I know I'll be scorched here as LDRs are frowned upon, and not considered as real relationships, but this is the situation that I am in.

So, been in a long-distance relationship she’s visited me a couple times — things always go well in person. She was the one who brought up closing the distance and moving to my country. Her words: she doesn’t want us to keep visiting and then one day ask, “Why are we even doing this?”

I started looking for an apartment with that in mind. When I told her I found a place and might sign, she suddenly got stressed. Said it made things feel “real.” No breakdown, just visible tension. She even started seeing a therapist about it. Which suggested for her to take things very slow.

We had a call yesterday. She said her job situation is the biggest concern — figuring out remote work or how to land something here. Logical concerns, sure. I put emphasis on not feeling pressured and that we can go with the flow, while also comforting her and that I want her to move here. But there was no emotional reciprocity from her side. She was glad we had the talk, mentioning that it was comforting, but for me it felt the opposite and gave me even more ambiguity. We haven't spoken much after this.

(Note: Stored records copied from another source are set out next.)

Lemma pow_mul_lt s C eps : 0 <= s < 1 -> 0 < eps -> 0 <= C ->
  exists n0, forall n, (n0 <= n)%nat -> s ^ n * C < eps.
Proof.
  intros Hs Heps HC.
  assert (Hy : 0 < eps / (C + 1)) by (apply Rdiv_lt_0_compat; lra).
  destruct (pow_lt_1_zero s ltac:(rewrite Rabs_right; lra) _ Hy) as [n0 Hn0].
  exists n0. intros n Hn. specialize (Hn0 n Hn).
  pose proof (pow_le s n ltac:(lra)) as Hpow.
  rewrite Rabs_right in Hn0 by lra.
  assert (s ^ n * (C + 1) < eps / (C + 1) * (C + 1)) by (apply Rmult_lt_compat_r; lra).
  replace (eps / (C + 1) * (C + 1)) with eps in * by (field; lra). nra.
Qed.

Lemma common_delta (P : nat -> R -> Prop) m :
  (forall k, exists del, 0 < del /\ P k del) ->
  (forall k del del', 0 < del' <= del -> P k del -> P k del') ->
  exists del, 0 < del /\ forall k, (k < m)%nat -> P k del.
Proof.
  intros Hex Hmon. induction m as [|m [del1 [Hdel1 H1]]].
  - exists 1. split; [lra | lia].
  - destruct (Hex m) as [del2 [Hdel2 H2]].
    assert (Hmin : 0 < Rmin del1 del2) by (apply Rmin_glb_lt; auto).
    exists (Rmin del1 del2). split; [exact Hmin|].
    intros k Hk. destruct (Nat.eq_dec k m) as [->|Hne].
    + apply Hmon with del2; [split; [exact Hmin | apply Rmin_r] | exact H2].
    + apply Hmon with del1; [split; [exact Hmin | apply Rmin_l] | apply H1; lia].
Qed.
(* Let $(A,\succ,\prec)$ be an anti-pre-Novikov algebra and $s\in A\otimes A$ define a factorizable anti-pre-Novikov bialgebra $(A,\succ,\prec,\Delta_{\succ,s},\Delta_{\prec,s})$. Consider the direct sum anti-pre-Novikov algebra $A\oplus A$ (componentwise operations) and the linear map $T_s\oplus T_{\tau(s)}:A^*\to A\oplus A$, $\zeta\mapsto(T_s(\zeta),-T_{\tau(s)}(\zeta))$. Then $\mathrm{Im}(T_s\oplus T_{\tau(s)})$ is an anti-pre-Novikov subalgebra of $A\oplus A$ isomorphic to the anti-pre-Novikov algebra $(A^*,\succ_s,\prec_s)$. Furthermore, every $x\in A$ has a unique decomposition $x=x_1-x_2$ with $(x_1,x_2)\in\mathrm{Im}(T_s\oplus T_{\tau(s)})$.
   Context: $A$ is finite-dimensional over a field $k$. An anti-pre-Novikov algebra is $(A,\succ,\prec)$ such that with $x\circ y=x\succ y+x\prec y$: $(x\circ y-y\circ x)\succ z=y\succ(x\succ z)-x\succ(y\succ z)$; $x\prec(y\circ z)=(y\succ x)\prec z-(x\prec y)\prec z-y\succ(x\prec z)$; $(x\circ y)\succ z=-(x\succ z)\prec y$; $(x\prec y)\prec z=(x\prec z)\prec y$; $(x\circ y-y\circ x)\prec z=x\succ(y\circ z)-y\succ(x\circ z)$. Notation: $x\odot y=x\succ y+y\prec x$; $L_\ast(x)y=x\ast y$, $R_\ast(x)y=y\ast x$; $L_{\star}=L_{\circ}+R_{\circ}$, $L_{\odot}=L_{\succ}+R_{\prec}$, $R_{\odot}=R_{\succ}+L_{\prec}$; for $f:A\to\mathrm{End}(A)$, $\langle f^*(x)\zeta,y\rangle=-\langle\zeta,f(x)y\rangle$; $\tau$ is the flip; $T_r:A^*\to A$, $\langle T_r(\zeta),\eta\rangle=\langle r,\zeta\otimes\eta\rangle$. $r$ is invariant if $(I\otimes L_{\star}(x)-L_{\succ}(x)\otimes I)r=0$ and $(L_{\circ}(x)\otimes I-I\otimes L_{\odot}(x))r=0$ for all $x$. For $s=\sum_i a_i\otimes b_i$ the APN-YBE is $\sum_{i,j}a_i\circ a_j\otimes b_i\otimes b_j+\sum_{i,j}a_j\otimes a_i\otimes(b_i\odot b_j)+\sum_{i,j}a_i\otimes(b_i\prec a_j)\otimes b_j=0$. With $\Delta_{\succ,s}(x)=(I\otimes L_{\star}(x)-L_{\succ}(x)\otimes I)s$, $\Delta_{\prec,s}(x)=(L_{\circ}(x)\otimes I-I\otimes L_{\odot}(x))s$, the datum $(A,\succ,\prec,\Delta_{\succ,s},\Delta_{\prec,s})$ is a factorizable anti-pre-Novikov bialgebra when $s$ solves the APN-YBE, $s+\tau(s)$ is invariant and $T_{s+\tau(s)}$ is a linear isomorphism. The operations on $A^*$ dual to $\Delta_{\succ,s},\Delta_{\prec,s}$ are $\zeta\succ_s\eta=R_{\succ}^*(T_{\tau(s)}(\eta))\zeta-L_{\star}^*(T_s(\zeta))\eta$ and $\zeta\prec_s\eta=R_{\odot}^*(T_s(\zeta))\eta-R_{\circ}^*(T_{\tau(s)}(\eta))\zeta$. *)

(* A finite-dimensional space A over a field K is modelled
   as K^n = 'rV[K]_n with standard basis e_0..e_{n-1}; A^* is also 'rV[K]_n
   via the dual basis, with pairing <zeta, x> = \sum_i zeta_i x_i.
   A 2-tensor r = \sum_{p,q} r_pq e_p (x) e_q is the matrix r : 'M[K]_n. *)
From HB Require Import structures.
From mathcomp Require Import all_boot all_order all_algebra.
Set Implicit Arguments. Unset Strict Implicit. Unset Printing Implicit Defensive.
Import Order.TTheory GRing.Theory Num.Theory.
Local Open Scope ring_scope.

I’ve paid for most of the trips, but we agreed long-term we’d split costs. Still, I’m the one putting in most of the material investment so far. Now she’s talking about the move more like a logistical challenge than something she’s emotionally committed to.

Question: Is this just normal pressure hitting her, or is this the first sign she’s pulling back?

My take: When fantasy meets reality, people show their true calibration. She liked the idea — but now that I’m making moves, she’s reacting with stress, not certainty. That’s not a great signal. I’m watching closely, but I won’t chase.